Meine Lungen brannten und ein fahler Geschmack breitete sich in meinem Mund aus. Stellen meines Körpers schmerzten, von deren Existenz ich bisher nicht einmal gewusste hatte.

Was war geschehen?
Nur vage erinnerte ich mich an das Treffen. An Pascal und sein diabolisches Lachen. Ich erinnerte mich an das muffige Restaurant, Teller voller bunter Speisen und die Drohung. Ich wollte fliehen. Weg von diesem Ort, weg von meinem Peiniger, doch ich war ihnen schutzlos ausgeliefert. Sie hatten mich wohl überwältigt. Chloroform? Schon möglich, es würde die Reaktion meines Schädels erklären.
Panik stieg in mir auf. Mein Schicksl lag in Pascals Hand. Ich gehörte wieder ganz alleine ihm, so hatte er es sich vorgestellt. Wie pervers.

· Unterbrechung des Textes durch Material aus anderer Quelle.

(* The real vector space with basis $J,H,G_a,P_a,J_a,H_a,G_{ab},P_{ab},J^*,H^*,J^*_a,H^*_a$ with the following nonzero brackets is a Lie algebra (the double extension of $\operatorname{span}\{P_a,G_a,P_{ab},G_{ab}\}$ by $\operatorname{span}\{H,J,H_a,J_a\}$): $[J,G_a]=\epsilon_{am}G_m$, $[J,P_a]=\epsilon_{am}P_m$, $[G_a,H]=-\epsilon_{am}P_m$, $[G_a,G_b]=\epsilon_{ab}H^*$, $[P_a,G_b]=\epsilon_{ab}J^*$; $[J,J_a]=\epsilon_{am}J_m$, $[J,G_{ab}]=-\epsilon_{m(a}G_{b)m}$, $[J,H_a]=\epsilon_{am}H_m$, $[J,P_{ab}]=-\epsilon_{m(a}P_{b)m}$, $[G_a,J_b]=-(\epsilon_{am}G_{bm}+\epsilon_{ab}G_{mm})$, $[G_a,H_b]=-(\epsilon_{am}P_{bm}+\epsilon_{ab}P_{mm})$, $[H,J_a]=\epsilon_{am}H_m$, $[H,G_{ab}]=-\epsilon_{m(a}P_{b)m}$, $[P_a,J_b]=-(\epsilon_{am}P_{bm}+\epsilon_{ab}P_{mm})$; $[J_a,J_b]=\epsilon_{ab}J$, $[J_a,G_{bc}]=\delta_{a(b}\epsilon_{c)m}G_m$, $[J_a,H_b]=\epsilon_{ab}H$, $[J_a,P_{bc}]=\delta_{a(b}\epsilon_{c)m}P_m$, $[G_{ab},H_c]=-\delta_{c(a}\epsilon_{b)m}P_m$; $[G_{ab},G_{cd}]=\epsilon_{(a(c}\delta_{d)b)}H^*$, $[P_{ab},G_{cd}]=\epsilon_{(a(c}\delta_{d)b)}J^*$, $[P_a,G_{bc}]=\epsilon_{a(b}J^*_{c)}$, $[G_a,G_{bc}]=\epsilon_{a(b}H^*_{c)}$, $[G_a,P_{bc}]=\epsilon_{a(b}J^*_{c)}$; $[J,H^*_a]=\epsilon_{am}H^*_m$, $[J,J^*_a]=\epsilon_{am}J^*_m$, $[H,H^*_a]=\epsilon_{am}J^*_m$, $[J_a,J^*]=-\epsilon_{am}J^*_m$, $[J_a,H^*]=-\epsilon_{am}H^*_m$, $[J_a,J^*_b]=\epsilon_{ab}J^*$, $[J_a,H^*_b]=\epsilon_{ab}H^*$, $[H_a,H^*]=-\epsilon_{am}J^*_m$, $[H_a,H^*_b]=\epsilon_{ab}J^*$. It admits the invariant metric with nonzero entries $\langle P_a,G_b\rangle=\delta_{ab}$, $\langle P_{ab},G_{cd}\rangle=\delta_{a(c}\delta_{d)b}-\tfrac23\delta_{ab}\delta_{cd}$, $\langle H,H^*\rangle=1$, $\langle J,J^*\rangle=1$, $\langle H_a,H^*_b\rangle=\delta_{ab}$, $\langle J_a,J^*_b\rangle=\delta_{ab}$. The subspace $\operatorname{span}\{H,J,P_a,G_a,H^*,J^*\}$ is a subalgebra isomorphic to the Extended Bargmann algebra.
   Context: Indices $a,b,c,d,m\in\{1,2\}$, summed when repeated, $\epsilon_{12}=1$; $G_{ab},P_{ab}$ symmetric. Symmetrization without normalization ($T_{(ab)}=T_{ab}+T_{ba}$, nested from outermost to innermost). An invariant metric is a symmetric nondegenerate bilinear form with $\langle[Z,X],Y\rangle+\langle X,[Z,Y]\rangle=0$. The Extended Bargmann algebra has basis $J,H,G_a,P_a,J^*,H^*$ and nonzero brackets $[J,G_a]=\epsilon_{am}G_m$, $[J,P_a]=\epsilon_{am}P_m$, $[G_a,G_b]=\epsilon_{ab}H^*$, $[G_a,H]=-\epsilon_{am}P_m$, $[G_a,P_b]=\epsilon_{ab}J^*$. *)

From HB Require Import structures.
From mathcomp Require Import all_boot all_order all_algebra.
Set Implicit Arguments. Unset Strict Implicit. Unset Printing Implicit Defensive.
Import Order.TTheory GRing.Theory Num.Theory.
Local Open Scope ring_scope.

Irgendwie musste ich mich beruhigen. Schon einmal war ich ihm entkommen und hatte mir zumindest für drei Jahre meine Freiheit erkämpft. Nun galt es einen kühlen Kopf zu bewahren. Motiviert verlagerte ich mein Gewicht auf die Seite und drehte mich ein Stück, bis ich meine Position in den Vierfüßlerstand geändert hatte. Die Schmerzen ignorierend schob ich ein Bein nach vorne und stand auf. Sofort begann ich zu wanken und wäre beinahe umgefallen, doch geistesgegenwärtig verbreiterte ich meinen Stand bis ich die Blance wiedergefunden hatte. Vorwärtsbewegen konnte ich mich nur mit kleinen Schritten, doch ich hatte ein Ziel vor Augen. Als ich sie erreichte, stützte ich mich gegen die Wand und tastete sie Zentimeter für Zentimeter ab. Irgendwo würde ich einen Lichtschalter finden, eine Tür, irgendwas!

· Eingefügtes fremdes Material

(* There exist $\mathfrak{c}$ pairwise non-homeomorphic topologies $\tau\in\mathcal{L}$ such that $(\mathbb{R},\tau)$ is a metrizable space of first category.
   Context: $\mathfrak{c}=|\mathbb{R}|$. $\eta$ denotes the Euclidean topology on $\mathbb{R}$. $\mathcal{L}$ denotes the family of all Hausdorff topologies $\tau$ on the set $\mathbb{R}$ with $\tau\subset\eta$. *)

From Stdlib Require Import Reals.
Open Scope R_scope.

Definition topology_on_R := (R -> Prop) -> Prop.

Definition is_topology (tau : topology_on_R) : Prop :=
  tau (fun _ => False) /\ tau (fun _ => True) /\
  (forall U V, tau U -> tau V -> tau (fun x => U x /\ V x)) /\
  (forall F : (R -> Prop) -> Prop, (forall U, F U -> tau U) ->
      tau (fun x => exists U, F U /\ U x)).

Definition eta : topology_on_R := fun U => open_set U.

Definition coarser (tau sigma : topology_on_R) : Prop :=
  forall U, tau U -> sigma U.

Definition hausdorff (tau : topology_on_R) : Prop :=
  forall x y, x <> y -> exists U V, tau U /\ tau V /\ U x /\ V y /\
    (forall z, ~ (U z /\ V z)).

Definition in_L (tau : topology_on_R) : Prop :=
  is_topology tau /\ hausdorff tau /\ coarser tau eta.

Definition is_metric (d : R -> R -> R) : Prop :=
  (forall x y, 0 <= d x y) /\ (forall x y, d x y = 0 <-> x = y) /\
  (forall x y, d x y = d y x) /\ (forall x y z, d x z <= d x y + d y z).

Definition metrizable (tau : topology_on_R) : Prop :=
  exists d, is_metric d /\
    forall U, tau U <-> (forall x, U x -> exists e, 0 < e /\
                           forall y, d x y < e -> U y).

Definition closure (tau : topology_on_R) (A : R -> Prop) : R -> Prop :=
  fun x => forall U, tau U -> U x -> exists y, U y /\ A y.

Definition nowhere_dense (tau : topology_on_R) (A : R -> Prop) : Prop :=
  forall U, tau U -> (forall x, U x -> closure tau A x) -> forall x, ~ U x.

Definition first_category (tau : topology_on_R) : Prop :=
  exists A : nat -> (R -> Prop), (forall n, nowhere_dense tau (A n)) /\
    forall x, exists n, A n x.

Definition continuous_between (tau sigma : topology_on_R) (f : R -> R) : Prop :=
  forall V, sigma V -> tau (fun x => V (f x)).

Definition homeomorphic (tau sigma : topology_on_R) : Prop :=
  exists f g : R -> R, (forall x, g (f x) = x) /\ (forall y, f (g y) = y) /\
    continuous_between tau sigma f /\ continuous_between sigma tau g.

(* The topologies are metric topologies of metrics d_P (P ⊆ ℕ) on ℝ, all coarser
   than the Euclidean one.  The first summand of d_P, the dyadic pseudo-norm
   N(t) = sup_k 2^-k dist(t/2^k, ℤ), makes x + 2^m converge to x, so bounded sets are
   nowhere dense and (ℝ, d_P) is of first category.  The second summand records,
   on the negative half-line only, the N-distance to a closed set F_P made of the
   nodes a_n = (4^n - 1)/3 together with the intervals [a_(j+1), a_(j+1) + 1/2]
   for j ∈ P.  Then x ≥ 0 iff x is a limit of points tending to +∞, and x ≤ 0 or
   x ∈ F_P iff x is a limit of points tending to -∞.
   Since dist(·, ℤ) cannot jump continuously from small to large values, every
   d_P → d_Q homeomorphism is Euclidean continuous, hence monotone; it must be
   increasing, maps F_P onto F_Q fixing each node, and so P = Q.  Indexing P by
   the dyadic rationals below r gives continuum many such topologies. *)

From Stdlib Require Import Reals Lra Lia ZArith Classical Cantor.
Open Scope R_scope.

Lemma IZR_abs_ge1 (z : Z) : z <> 0%Z -> 1 <= Rabs (IZR z).
Proof.
  intros Hz. destruct (Z_lt_le_dec 0 z).
  - rewrite Rabs_right; [apply IZR_le; lia | apply Rle_ge, IZR_le; lia].
  - rewrite Rabs_left by (apply IZR_lt; lia).
    replace 1 with (- IZR (-1)) by (simpl; lra).
    apply Ropp_le_contravar, IZR_le; lia.
Qed.

Definition nearest_int (x : R) : Z := (up (x + /2) - 1)%Z.

Definition dist_Z (x : R) : R := Rabs (x - IZR (nearest_int x)).

Lemma dist_Z_le_half (x : R) : dist_Z x <= /2.
Proof.
  destruct (archimed (x + /2)) as [H1 H2]. unfold dist_Z, nearest_int.
  rewrite minus_IZR. simpl. apply Rabs_le. lra.
Qed.

Lemma dist_Z_ge0 (x : R) : 0 <= dist_Z x.
Proof. apply Rabs_pos. Qed.

Lemma dist_Z_le (x : R) (m : Z) : dist_Z x <= Rabs (x - IZR m).
Proof.
  pose proof (dist_Z_le_half x) as Hhalf. unfold dist_Z in *.
  destruct (Z.eq_dec m (nearest_int x)) as [<-|Hne]; [lra|].
  assert (Hm : 1 <= Rabs (IZR m - IZR (nearest_int x)))
    by (rewrite <- minus_IZR; apply IZR_abs_ge1; lia).
  assert (Rabs (IZR m - IZR (nearest_int x))
            <= Rabs (x - IZR m) + Rabs (x - IZR (nearest_int x))).
  { replace (IZR m - IZR (nearest_int x))
      with (-(x - IZR m) + (x - IZR (nearest_int x))) by ring.
    rewrite <- (Rabs_Ropp (x - IZR m)). apply Rabs_triang. }
  lra.
Qed.

Lemma dist_Z_shift (x : R) (k : Z) : dist_Z (x + IZR k) = dist_Z x.
Proof.
  apply Rle_antisym.
  - eapply Rle_trans; [apply (dist_Z_le _ (nearest_int x + k))|].
    rewrite plus_IZR. right. unfold dist_Z. f_equal. ring.
  - eapply Rle_trans; [apply (dist_Z_le _ (nearest_int (x + IZR k) - k))|].
    rewrite minus_IZR. right. unfold dist_Z. f_equal. ring.
Qed.

Lemma dist_Z_IZR (k : Z) : dist_Z (IZR k) = 0.
Proof.
  apply Rle_antisym; [|apply dist_Z_ge0].
  eapply Rle_trans; [apply (dist_Z_le _ k)|]. rewrite Rminus_diag, Rabs_R0. lra.
Qed.

Lemma dist_Z_opp (x : R) : dist_Z (- x) = dist_Z x.
Proof.
  assert (Hle : forall y, dist_Z (- y) <= dist_Z y).
  { intros y. eapply Rle_trans; [apply (dist_Z_le _ (- nearest_int y))|].
    rewrite opp_IZR. unfold dist_Z. rewrite <- Rabs_Ropp. right. f_equal. ring. }
  apply Rle_antisym; [apply Hle|]. rewrite <- (Ropp_involutive x) at 1. apply Hle.
Qed.

Lemma dist_Z_add (x y : R) : dist_Z (x + y) <= dist_Z x + dist_Z y.
Proof.
  eapply Rle_trans; [apply (dist_Z_le _ (nearest_int x + nearest_int y))|].
  rewrite plus_IZR. unfold dist_Z.
  replace (x + y - (IZR (nearest_int x) + IZR (nearest_int y)))
    with ((x - IZR (nearest_int x)) + (y - IZR (nearest_int y))) by ring.
  apply Rabs_triang.
Qed.

Lemma dist_Z_lipschitz (x y : R) : Rabs (dist_Z x - dist_Z y) <= dist_Z (x - y).
Proof.
  pose proof (dist_Z_add (x - y) y) as Hx. pose proof (dist_Z_add (y - x) x) as Hy.
  replace (x - y + y) with x in Hx by ring. replace (y - x + x) with y in Hy by ring.
  replace (y - x) with (- (x - y)) in Hy by ring. rewrite dist_Z_opp in Hy.
  apply Rabs_le. lra.
Qed.

Lemma dist_Z_le_abs (x : R) : dist_Z x <= Rabs x.
Proof. eapply Rle_trans; [apply (dist_Z_le _ 0)|]. rewrite Rminus_0_r. lra. Qed.

Lemma dist_Z_small (x : R) : Rabs x < /2 -> dist_Z x = Rabs x.
Proof.
  intros Hx. unfold dist_Z.
  destruct (Z.eq_dec (nearest_int x) 0) as [->|Hne]; [now rewrite Rminus_0_r|].
  exfalso. pose proof (IZR_abs_ge1 _ Hne). pose proof (dist_Z_le_half x). unfold dist_Z in *.
  assert (Rabs (IZR (nearest_int x)) <= Rabs x + Rabs (x - IZR (nearest_int x))).
  { replace (IZR (nearest_int x)) with (x - (x - IZR (nearest_int x))) at 1 by ring.
    rewrite <- (Rabs_Ropp (x - IZR (nearest_int x))). apply Rabs_triang. }
  lra.
Qed.

Lemma pow2_pos (k : nat) : 0 < 2 ^ k.
Proof. apply pow_lt; lra. Qed.

Lemma half_pow_pos (k : nat) : 0 < (/2) ^ k.
Proof. apply pow_lt; lra. Qed.

Lemma half_pow_le1 (k : nat) : (/2) ^ k <= 1.
Proof. rewrite <- (pow1 k). apply pow_incr. lra. Qed.

Lemma half_pow_antimono (k m : nat) : (m <= k)%nat -> (/2) ^ k <= (/2) ^ m.
Proof.
  intros Hmk. replace k with ((k - m) + m)%nat by lia. rewrite pow_add.
  pose proof (half_pow_le1 (k - m)). pose proof (half_pow_pos m). nra.
Qed.

Lemma pow2_unbounded (x : R) : exists k, x < 2 ^ k.
Proof.
  destruct (Pow_x_infinity 2 ltac:(rewrite Rabs_right; lra) (x + 1)) as [k Hk].
  exists k. specialize (Hk k (Nat.le_refl k)).
  rewrite Rabs_right in Hk by (left; apply pow2_pos). lra.
Qed.

Lemma pow2_large_and_half_pow_small (e c : R) : 0 < e -> exists m, (/2) ^ m < e /\ c < 2 ^ m.
Proof.
  intros He. destruct (pow2_unbounded (Rmax (/ e) c)) as [m Hm]. exists m.
  pose proof (Rmax_l (/ e) c). pose proof (Rmax_r (/ e) c). split; [|lra].
  rewrite pow_inv. pose proof (pow2_pos m).
  replace e with (/ / e) by (field; lra). apply Rinv_lt_contravar; [|lra].
  apply Rmult_lt_0_compat; [apply Rinv_0_lt_compat|]; lra.
Qed.

Definition dyadic_term (k : nat) (t : R) : R := (/2) ^ k * dist_Z (t / 2 ^ k).

Lemma dyadic_term_ge0 (k : nat) (t : R) : 0 <= dyadic_term k t.
Proof. apply Rmult_le_pos; [left; apply half_pow_pos | apply dist_Z_ge0]. Qed.

Lemma dyadic_term_le_half (k : nat) (t : R) : dyadic_term k t <= /2.
Proof.
  unfold dyadic_term. pose proof (half_pow_le1 k). pose proof (half_pow_pos k).
  pose proof (dist_Z_le_half (t / 2 ^ k)). pose proof (dist_Z_ge0 (t / 2 ^ k)). nra.
Qed.

Lemma dyadic_term_add (k : nat) (s t : R) :
  dyadic_term k (s + t) <= dyadic_term k s + dyadic_term k t.
Proof.
  unfold dyadic_term. rewrite <- Rmult_plus_distr_l.
  apply Rmult_le_compat_l; [left; apply half_pow_pos|].
  unfold Rdiv. rewrite Rmult_plus_distr_r. apply dist_Z_add.
Qed.

Lemma dyadic_term_opp (k : nat) (t : R) : dyadic_term k (- t) = dyadic_term k t.
Proof.
  unfold dyadic_term, Rdiv. rewrite Ropp_mult_distr_l_reverse, dist_Z_opp. reflexivity.
Qed.

Lemma dyadic_term_le_abs (k : nat) (t : R) : dyadic_term k t <= Rabs t.
Proof.
  unfold dyadic_term. pose proof (dist_Z_le_abs (t / 2 ^ k)) as Ht.
  pose proof (pow2_pos k). pose proof (half_pow_pos k). pose proof (half_pow_le1 k).
  assert (Habs : Rabs (t / 2 ^ k) <= Rabs t).
  { unfold Rdiv. rewrite Rabs_mult, Rabs_inv, (Rabs_right (2 ^ k)) by lra.
    rewrite <- pow_inv. pose proof (Rabs_pos t). nra. }
  pose proof (dist_Z_ge0 (t / 2 ^ k)). nra.
Qed.

Lemma dyadic_terms_bound (t : R) : bound (fun v => exists k, v = dyadic_term k t).
Proof. exists (/2). intros v [k ->]. apply dyadic_term_le_half. Qed.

Wild entschlossen arbeitete ich alle Seiten des dämmrigen Raums ab. Die kühle glatte Oberfläche veränderte ihre Struktur erst, als ich schon fast die Hoffnung verloren hatte. Meine Finger ertasteten eine raue hölzerne Schicht. Erleichtert sog ich die Luft ein und griff nach der Klinke. Dann die Enttäuschung. Abgeschlossen! Wie sollte es auch anders sein?

Ich begann mit den Fäusten auf die Tür einzuschlagen und schrie aus Leibeskräften. Jemand musste kommen und mir sagen was passiert war. Egal wer, wenn es sein musste, dann sogar Pascal.

Eine lange Zeit tat sich nichts. Kein Laut, außer meinen eigenen kehligen Schreien, war zu hören. Geschlagen, zog ich mich bereits zurück, doch dann hörte ich eine Tür in weiter Ferne, so als würde jemand einen Riegel aufschieben. Gespannt sah ich in Richtung meiner Tür, hoffte ein menschliches Gesicht zu erblicken. Schritte näherten sich meinem Gefängnis. Die Zeit stand still. Dann ein Schlüssel, der ins Schloss gesteckt wurde. Schemenhaft erkannte ich die Bewegung der Klinke, dann schwang die Tür auf, wie der Flügel eines gigantischen Adlers.